Keyword Understanding & Research
An important piece of good news is that when you are dealing with free visitors (E.g. not paid vistitors like from PPC ads on Google) from search engines, detailed and precise keyword research is weirdly unimportant. Follow my advice and don't get stuck in this stage, feeling like there is something that the rich and powerful experts know here that you don't.
Follow the few important principles explained in the paragraphs below and then move on and focus on the part of online business that comes after keyword research. Since people are making tons of money in hundreds of thousands of different niches, it stands to reason that picking the perfect niche, or knowing just the exact number of expected monthly visitors to any particular keyword, isn't the big secret to making money online.
A general ballpark idea of a keyword phrase's monthly searches, a decent idea of related relevant terms, and an estimate of the competitiveness of a keyword phrase, is all you really need to get from your keyword research in order to make a lot of money online... if you learn what to do with your website after you've done that research!

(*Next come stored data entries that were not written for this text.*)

Definition simple_graph (T : finType) (e : rel T) : Prop :=
  symmetric e /\ irreflexive e.

Definition connected (T : finType) (e : rel T) : Prop :=
  forall x y : T, connect e x y.

Definition deg (T : finType) (e : rel T) (v : T) : nat := #|[set w | e v w]|.
Definition maxdeg (T : finType) (e : rel T) : nat := \max_(v : T) deg e v.

(* Acyclic graphs have infinite girth and satisfy this for all g. *)
Definition girth_ge (T : finType) (e : rel T) (g : nat) : Prop :=
  forall s : seq T, uniq s -> 3 <= size s -> path.cycle e s -> g <= size s.

Definition automorphism (T : finType) (e : rel T) (f : {perm T}) : Prop :=
  forall x y : T, e (f x) (f y) = e x y.

Definition proper_coloring (T : finType) (e : rel T) (k : nat) (phi : T -> 'I_k) : Prop :=
  forall x y : T, e x y -> phi x != phi y.

Definition distinguishing (T : finType) (e : rel T) (k : nat) (phi : T -> 'I_k) : Prop :=
  forall f : {perm T}, automorphism e f -> (forall v, phi (f v) = phi v) -> f = 1%g.

Definition chiD_le (T : finType) (e : rel T) (k : nat) : Prop :=
  exists phi : T -> 'I_k, proper_coloring e phi /\ distinguishing e phi.

From mathcomp Require Import all_boot all_fingroup zify.
Set Implicit Arguments. Unset Strict Implicit. Unset Printing Implicit Defensive.

(* List the vertices one at a time from a root r, each new vertex adjacent to
   an earlier one, and colour greedily. A vertex must avoid the colour of r,
   the colours of its earlier neighbours, and the colours of its earlier
   rivals: vertices v whose only earlier neighbour u is adjacent to it and is
   also its only neighbour listed before v. A colour-preserving automorphism
   fixing every vertex before x maps x to a later vertex with the same earlier
   neighbours; as girth 5 excludes 4-cycles, x has a single earlier neighbour
   and its image is a rival of x, a contradiction.
   At most Delta + 1 colours are ever forbidden: a vertex with two earlier
   neighbours has no rival, and one with a single earlier neighbour u can only
   have rivals among the other neighbours of u. The first fact needs the order
   to exhaust the unlisted neighbours of a listed parent before anything else,
   which is the invariant [tame]. *)

Lemma connect_exit (T : finType) (e : rel T) (A : pred T) x y :
  connect e x y -> x \in A -> y \notin A ->
  exists u w, [/\ u \in A, w \notin A & e u w].
Proof.
move=> /connectP[p + ->]; elim: p x => [|z p IH] x /=; first by move=> _ ->.
case/andP=> exz pz xA yA; case: (boolP (z \in A)) => zA; last by exists x, z.
exact: IH pz zA yA.
Qed.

The real skill to money-getting starts with getting visitors to your websites (or clients' websites), and then creating a profitable visitor experience after they arrive.
Use the average pay-per-click values given in the Google keyword tool (see 'PPC values' pic below) to estimate the competitiveness of a ranking for a keyword phrase. To see these values, you must login with any normal free gmail email account login. The Google keyword tool also gives you a “low, medium, high” estimate of a keyword's competitiveness.
An avg PPC value of $2 or less is rather easy to rank for, as a general rule. At $5-$10 you need to be more serious and patient with your efforts. The main use that I have for keyword research is to find related terms that visitors to my niche type into Google that are related to my main keyword. I also try to get a sense of the hierarchy – of which terms are the main terms, and which are sub-topic terms. Google tends to reward you for incorporating subtopic terms into your website pages and in your general search engine domination efforts. One method of doing this is called “siloing,” a powerful technique that is beyond the scope of this post but is covered in detail later on in my Ultimate Guide.
If you are making an affiliate site, I would recommend picking a niche that is interesting to you, then finding a product or two to promote (read: Finding Products To Promote), and then doing some general keyword research to get a feel for relevant, related, primary and secondary keywords. Just enter a common-sense starting keyword phrase into the Google Keyword Tool and see where it takes you. Keyword tools always give many related phrases, which you can then take one of those phrases and type it into the main keyword tool search box, and repeat the process.